Plots a cohort plot for the given DataFrame.

Parameters:

Name Type Description Default
df DataFrame

Dataframe containing cohort analysis data.

required
cbar_label str

Label for the colorbar.

required
x_label str

Label for x-axis.

None
y_label str

Label for y-axis.

None
title str

Title of the plot.

None
ax Axes

Matplotlib axes object to plot on.

None
source_text str

Additional source text annotation.

None
percentage bool

If True, displays cohort values as percentages. Defaults to False.

True
figsize tuple[int, int]

The size of the plot. Defaults to None.

None
**kwargs dict

Additional keyword arguments for cohort styling.

{}

Returns:

Name Type Description
SubplotBase SubplotBase

The matplotlib axes object.

Source code in pyretailscience/plots/cohort.py
def plot(
    df: pd.DataFrame,
    cbar_label: str,
    x_label: str | None = None,
    y_label: str | None = None,
    title: str | None = None,
    ax: Axes | None = None,
    source_text: str | None = None,
    percentage: bool = True,
    figsize: tuple[int, int] | None = None,
    **kwargs: dict,
) -> SubplotBase:
    """Plots a cohort plot for the given DataFrame.

    Args:
        df (pd.DataFrame): Dataframe containing cohort analysis data.
        cbar_label (str): Label for the colorbar.
        x_label (str, optional): Label for x-axis.
        y_label (str, optional): Label for y-axis.
        title (str, optional): Title of the plot.
        ax (Axes, optional): Matplotlib axes object to plot on.
        source_text (str, optional): Additional source text annotation.
        percentage (bool, optional): If True, displays cohort values as percentages. Defaults to False.
        figsize (tuple[int, int], optional): The size of the plot. Defaults to None.
        **kwargs: Additional keyword arguments for cohort styling.

    Returns:
        SubplotBase: The matplotlib axes object.
    """
    if ax is None:
        _, ax = plt.subplots(figsize=figsize)
    cmap = get_listed_cmap("green")
    im = ax.imshow(df, cmap=cmap, **kwargs)
    cbar = ax.figure.colorbar(im, ax=ax, format=ticker.StrMethodFormatter("{x:.0%}" if percentage else "{x:,.0f}"))
    cbar.ax.set_ylabel(cbar_label, rotation=-90, va="bottom", fontsize="x-large")

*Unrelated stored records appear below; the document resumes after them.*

(* Let $\mathcal T$ be a locally finite partial tessellation of ${\mathbb X}$, let $H$ be a hyperplane of ${\mathbb X}$ and let $Z$ be a closed half-space bounded by $H$. Then $$\mathcal T_Z=\{T\cap H: T\in\mathcal T \text{ and } Z \text{ is an essential closed half-space of } T\}$$ is a locally finite partial tessellation of $H$.
   Context: ${\mathbb X}$ is $\mathbb R^n$, the unit sphere $\mathbb S^n$, or hyperbolic $n$-space; a hyperplane is a complete totally geodesic submanifold of codimension 1, itself a space of the same type of dimension $n-1$. Closed half-spaces are closures of the two components of the complement of a hyperplane. A polyhedron (of ${\mathbb X}$ or of $H$) is a nonempty intersection of a family of closed half-spaces whose boundary hyperplanes form a locally finite family; it is thick if it has nonempty interior in the ambient space. For a thick polyhedron $T$, a closed half-space $Z$ is essential if $T\subseteq Z$ and $T\cap\partial Z$ has nonempty interior in $\partial Z$. A partial tessellation is a set of thick polyhedra (tiles) with pairwise disjoint interiors; locally finite means every compact set meets only finitely many tiles. *)

From HB Require Import structures.
From mathcomp Require Import all_boot all_order all_algebra.
From mathcomp Require Import all_classical all_reals all_analysis.
Set Implicit Arguments. Unset Strict Implicit. Unset Printing Implicit Defensive.
Import Order.TTheory GRing.Theory Num.Theory.
Import numFieldNormedType.Exports.
Local Open Scope classical_set_scope.
Local Open Scope ring_scope.

(* The three model geometries, realised inside V = 'rV[R]_(n.+1):
   - Euclid     : the affine chart { x | x_0 = 1 }  (= R^n)
   - Sphere     : the unit sphere { x | sum x_i^2 = 1 }  (= S^n)
   - Hyperbolic : the upper sheet of the hyperboloid
                  { x | x_0 > 0, -x_0^2 + sum_{i>0} x_i^2 = -1 }  (= H^n).
   All topological notions are those of the subspace topology from V. *)
Inductive geom := Euclid | Sphere | Hyperbolic.

Section Defs.
Variables (R : realType) (n : nat).
Local Notation V := 'rV[R]_n.+1.

Definition lf (b x : V) : R := \sum_(i < n.+1) b 0 i * x 0 i.

Definition model_space (g : geom) : set V :=
  match g with
  | Euclid => [set x | x 0 ord0 = 1]
  | Sphere => [set x | \sum_(i < n.+1) x 0 i ^+ 2 = 1]
  | Hyperbolic => [set x | 0 < x 0 ord0 /\
        - (x 0 ord0 ^+ 2) + \sum_(i < n.+1 | i != ord0) x 0 i ^+ 2 = -1]
  end.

    ax.set_xticks(np.arange(df.shape[1]))
    ax.set_yticks(np.arange(df.shape[0]))
    ax.set_xticklabels(df.columns, rotation_mode="anchor")
    ax.set_yticklabels(df.index.astype(str))

    ax.tick_params(top=True, bottom=False, labeltop=True, labelbottom=False)
    ax.set_xticks(np.arange(df.shape[1] + 1) - 0.5, minor=True)
    ax.set_yticks(np.arange(df.shape[0] + 1) - 0.5, minor=True)
    ax.grid(which="minor", color="w", linestyle="-", linewidth=3)
    ax.tick_params(which="minor", bottom=False, left=False)
    threshold = im.norm(1.0) / 2.0 if percentage else im.norm(df.to_numpy().max()) / 2.0
    valfmt = ticker.StrMethodFormatter("{x:.0%}" if percentage else "{x:,.0f}")
    textcolors = ("black", "white")
    for i in range(df.shape[0]):
        for j in range(df.shape[1]):
            color = textcolors[int(im.norm(df.iloc[i, j]) > threshold)]
            ax.text(j, i, valfmt(df.iloc[i, j], None), ha="center", va="center", color=color, fontsize=7)

    ax = gu.standard_graph_styles(
        ax=ax,
        title=title,
        x_label=x_label,
        y_label=y_label,
    )
    ax.grid(False)
    ax.hlines(y=3 - 0.5, xmin=-0.5, xmax=df.shape[1] - 0.5, color="white", linewidth=4)

    if source_text:
        gu.add_source_text(ax=ax, source_text=source_text)

    return gu.standard_tick_styles(ax)